I stood there, fridge door wide open, and stared at a Costco-sized tub of kimchi.
I had bought it because it was a deal, and “we would eat it!” And we did eat it. But there was still so. much. left. Because, again, Costco-sized tub.
Kimchi never really goes bad, so it probably would have been fine living in the fridge for a bit (or a lot) longer. But I didn’t want it taking up precious space anymore, so I did what many Asian grandmas would do: I made it into soup.

And that’s when it hit me. For millennia, people — and let’s be honest, mostly women — have been doing this exact thing: taking what’s on hand, refusing to waste it, and turning it into something comforting. Not out of trendiness or moral virtue, but because they had to.
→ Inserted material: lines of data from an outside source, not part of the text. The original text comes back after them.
(* Let $Q$ be an admissible orientation of $\tilde{A}_n$ and $I$ a two-sided algebra ideal of $\Bbbk Q$. Then exactly one of the following holds: (a) $I$ is a linearized semigroup ideal; (b) $k=1$ and $I=\Bbbk(\omega+a\upsilon)$, where $\omega$ and $\upsilon$ are the two different maximal paths of $Q$ and $a\in\Bbbk\setminus\{0\}$.
   Context: $\Bbbk$ is an algebraically closed field. An admissible orientation of $\tilde A_n$ is a finite quiver $Q$ with $n$ vertices whose underlying undirected graph is a cycle, having no oriented cycle and at least one source; $k\ge1$ denotes the number of sources (= number of sinks). Paths include trivial paths $\varepsilon_x$; products of paths in $\Bbbk Q$ are concatenations when defined and $0$ otherwise. $\omega\le_J\upsilon$ means $\upsilon=\alpha\omega\beta$ for paths $\alpha,\beta$; maximal paths are the $\le_J$-maximal paths. A linearized semigroup ideal is an ideal of $\Bbbk Q$ spanned by a set $X$ of paths such that $\alpha\omega\beta\in X$ whenever $\omega\in X$ and $\alpha\omega\beta$ is a defined path. *)

From HB Require Import structures.
From mathcomp Require Import all_boot all_order all_algebra.
Set Implicit Arguments. Unset Strict Implicit. Unset Printing Implicit Defensive.
Import GRing.Theory.
Local Open Scope ring_scope.

(* A quiver whose underlying graph is a cycle with n vertices, up to
   isomorphism: vertices 'I_n, arrows 'I_n; arrow a joins a and ordS a
   (= a+1 mod n) and is oriented a -> a+1 if o a, and a+1 -> a otherwise. *)
Section CycleQuiver.
Variables (n : nat) (o : 'I_n -> bool).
Before “zero waste” and “farm-to-table” were hashtags, this was just life. The art of stretching. The daily creativity of feeding people with whatever was in your kitchen.
What I made that day was kimchi jjigae. It’s what happens when kimchi gets really fermented and a bit too funky to eat raw — some people like it that way, but I find it too sour. You toss it in a pot with onions, tofu, and pork, and let it simmer into something new. The Costco kimchi I was tired of looking at became lunch and dinner for two days. And I was so pleased with myself — being able to make a delicious meal that lasted us for days out of whatever we had on hand.
My train of thought continued down the track of other “reimagined leftovers” foods. Of course, I thought of fried rice first — the ultimate leftovers food. The sad leftover carrot from the bunch you bought for something else? The random quarter of an onion in the fridge? The scraps of leftover chicken that aren’t enough for a full meal? The bag of frozen peas you forgot about at the back of the freezer? Add some leftover rice (better than fresh because it’s drier and thus better for frying), a bit of soy sauce, and an egg, and you’ve got dinner. Fried rice is resourcefulness turned into comfort food.

Every culture has its own version of this kind of ingenuity. In Japan, extra rice can be shaped into onigiri. In Spain, leftover chicken or fish becomes croquetas. In Italy, yesterday’s bread is soaked and turns into panzanella. In Mexico, stale tortillas transform into chilaquiles. In Cuba, leftover beef is shredded into ropa vieja (literally “old clothes”!). In Hawaii, Spam became a staple after World War II, when imported meat was scarce; now Spam musubi is a cultural icon and proof that what begins as survival can evolve into identity. Across continents and cuisines, people have been practicing the same instinct for centuries: don’t waste, just reimagine.
It’s proof that good food doesn’t have to start from scratch. It starts from what’s left. And in many cases, those dishes become culturally iconic.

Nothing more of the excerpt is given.